(* Let $n \geq 2$, $R > 0$, and let $m$ be a uniform (rotation-invariant) measure on $S^{n-1}_R = \{x\in\mathbb{R}^n : \|x\|=R\}$, normalized or not. Let $\Psi:\mathbb{R}\to\mathbb{R}$ be convex and uniformly continuous, let $f:S^{n-1}_R\to[0,1]$ be integrable, and let $K:\mathbb{R}\to\mathbb{R}$ be non-decreasing, bounded and measurable. For $g: S^{n-1}_R \to \mathbb{R}$ write $Kg(x) = \int_{S^{n-1}_R} K(\langle x,y\rangle) g(y)\,dm(y)$. Then for every hyperplane $\sigma$ through the origin that does not contain $r = (R,0,\ldots,0)$, \[ \int_{S^{n-1}_R} \Psi(Kf(x))\,dm(x) \leq \int_{S^{n-1}_R} \Psi(Kf^{\sigma}(x))\,dm(x). \]
   Context: For a hyperplane $\sigma$ through the origin not containing $r$, let $v$ be the unit normal vector of $\sigma$ with $\langle v, r\rangle > 0$; let $H^+_\sigma = \{x \in S^{n-1}_R : \langle x,v\rangle \geq 0\}$ (the hemisphere containing $r$) and $H^-_\sigma = \{x\in S^{n-1}_R : \langle x, v\rangle < 0\}$. For $x \in S^{n-1}_R$, $\sigma x$ denotes the reflection of $x$ across $\sigma$. The polarization of $f$ with respect to $\sigma$ is $f^\sigma(x) = \max\{f(x), f(\sigma x)\}$ if $x \in H^+_\sigma$ and $f^\sigma(x) = \min\{f(x), f(\sigma x)\}$ if $x\in H^-_\sigma$. *)

From HB Require Import structures.
From mathcomp Require Import all_boot all_order all_algebra.
From mathcomp Require Import all_classical all_reals all_analysis.
Set Implicit Arguments. Unset Strict Implicit. Unset Printing Implicit Defensive.
Import numFieldNormedType.Exports.
Import Order.TTheory GRing.Theory Num.Theory.
Local Open Scope classical_set_scope.
Local Open Scope ring_scope.

(* R^n as row vectors, equipped with its Borel sigma-algebra (generated by the
   open sets of the product topology of 'rV[R]_n). *)
Definition Rn (R : realType) (n : nat) :=
  g_sigma_algebraType (@open 'rV[R]_n).

Definition dotp (R : realType) (n : nat) (x y : 'rV[R]_n) : R :=
  \sum_(i < n) x ord0 i * y ord0 i.

Definition sphere (R : realType) (n : nat) (rad : R) : set (Rn R n) :=
  [set x : Rn R n | Num.sqrt (dotp x x) = rad].

Definition north (R : realType) (k : nat) (rad : R) : 'rV[R]_k.+1 :=
  \row_(i < k.+1) (if i == ord0 then rad else 0).

Definition orthogonal_mx (R : realType) (n : nat) (Q : 'M[R]_n) : Prop :=
  Q *m Q^T = 1%:M.

(* m is uniform (rotation-invariant) on the sphere: invariant under every
   orthogonal map, acting on Borel subsets of the sphere. *)
Definition rotation_invariant_on (R : realType) (n : nat) (S : set (Rn R n))
    (m : set (Rn R n) -> \bar R) : Prop :=
  forall (Q : 'M[R]_n), orthogonal_mx Q ->
  forall A : set (Rn R n), measurable A -> A `<=` S ->
    m ((fun x : Rn R n => (x *m Q : Rn R n)) @^-1` A `&` S) = m A.

Definition convex_fun (R : realType) (Psi : R -> R) : Prop :=
  forall (x y t : R), 0 <= t <= 1 ->
    Psi (t * x + (1 - t) * y) <= t * Psi x + (1 - t) * Psi y.

(* Reflection across the hyperplane sigma = v^perp (v a unit vector). *)
Definition reflect_hyp (R : realType) (n : nat) (v x : 'rV[R]_n) : 'rV[R]_n :=
  x - (2 * dotp x v) *: v.

(* Polarization of f w.r.t. the hyperplane with unit normal v, where v is the
   normal with <v, r> > 0, so H^+ = {<x,v> >= 0}. *)
Definition polarization (R : realType) (n : nat) (v : 'rV[R]_n)
    (f : 'rV[R]_n -> R) (x : 'rV[R]_n) : R :=
  if 0 <= dotp x v then Num.max (f x) (f (reflect_hyp v x))
  else Num.min (f x) (f (reflect_hyp v x)).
★ ★ ★ ★
Wherever a line contains the string "every", copy that line from the data.

(* Let $n \geq 2$, $R > 0$, and let $m$ be a uniform (rotation-invariant) measure on $S^{n-1}_R = \{x\in\mathbb{R}^n : \|x\|=R\}$, normalized or not. Let $\Psi:\mathbb{R}\to\mathbb{R}$ be convex and uniformly continuous, let $f:S^{n-1}_R\to[0,1]$ be integrable, and let $K:\mathbb{R}\to\mathbb{R}$ be non-decreasing, bounded and measurable. For $g: S^{n-1}_R \to \mathbb{R}$ write $Kg(x) = \int_{S^{n-1}_R} K(\langle x,y\rangle) g(y)\,dm(y)$. Then for every hyperplane $\sigma$ through the origin that does not contain $r = (R,0,\ldots,0)$, \[ \int_{S^{n-1}_R} \Psi(Kf(x))\,dm(x) \leq \int_{S^{n-1}_R} \Psi(Kf^{\sigma}(x))\,dm(x). \]
(* m is uniform (rotation-invariant) on the sphere: invariant under every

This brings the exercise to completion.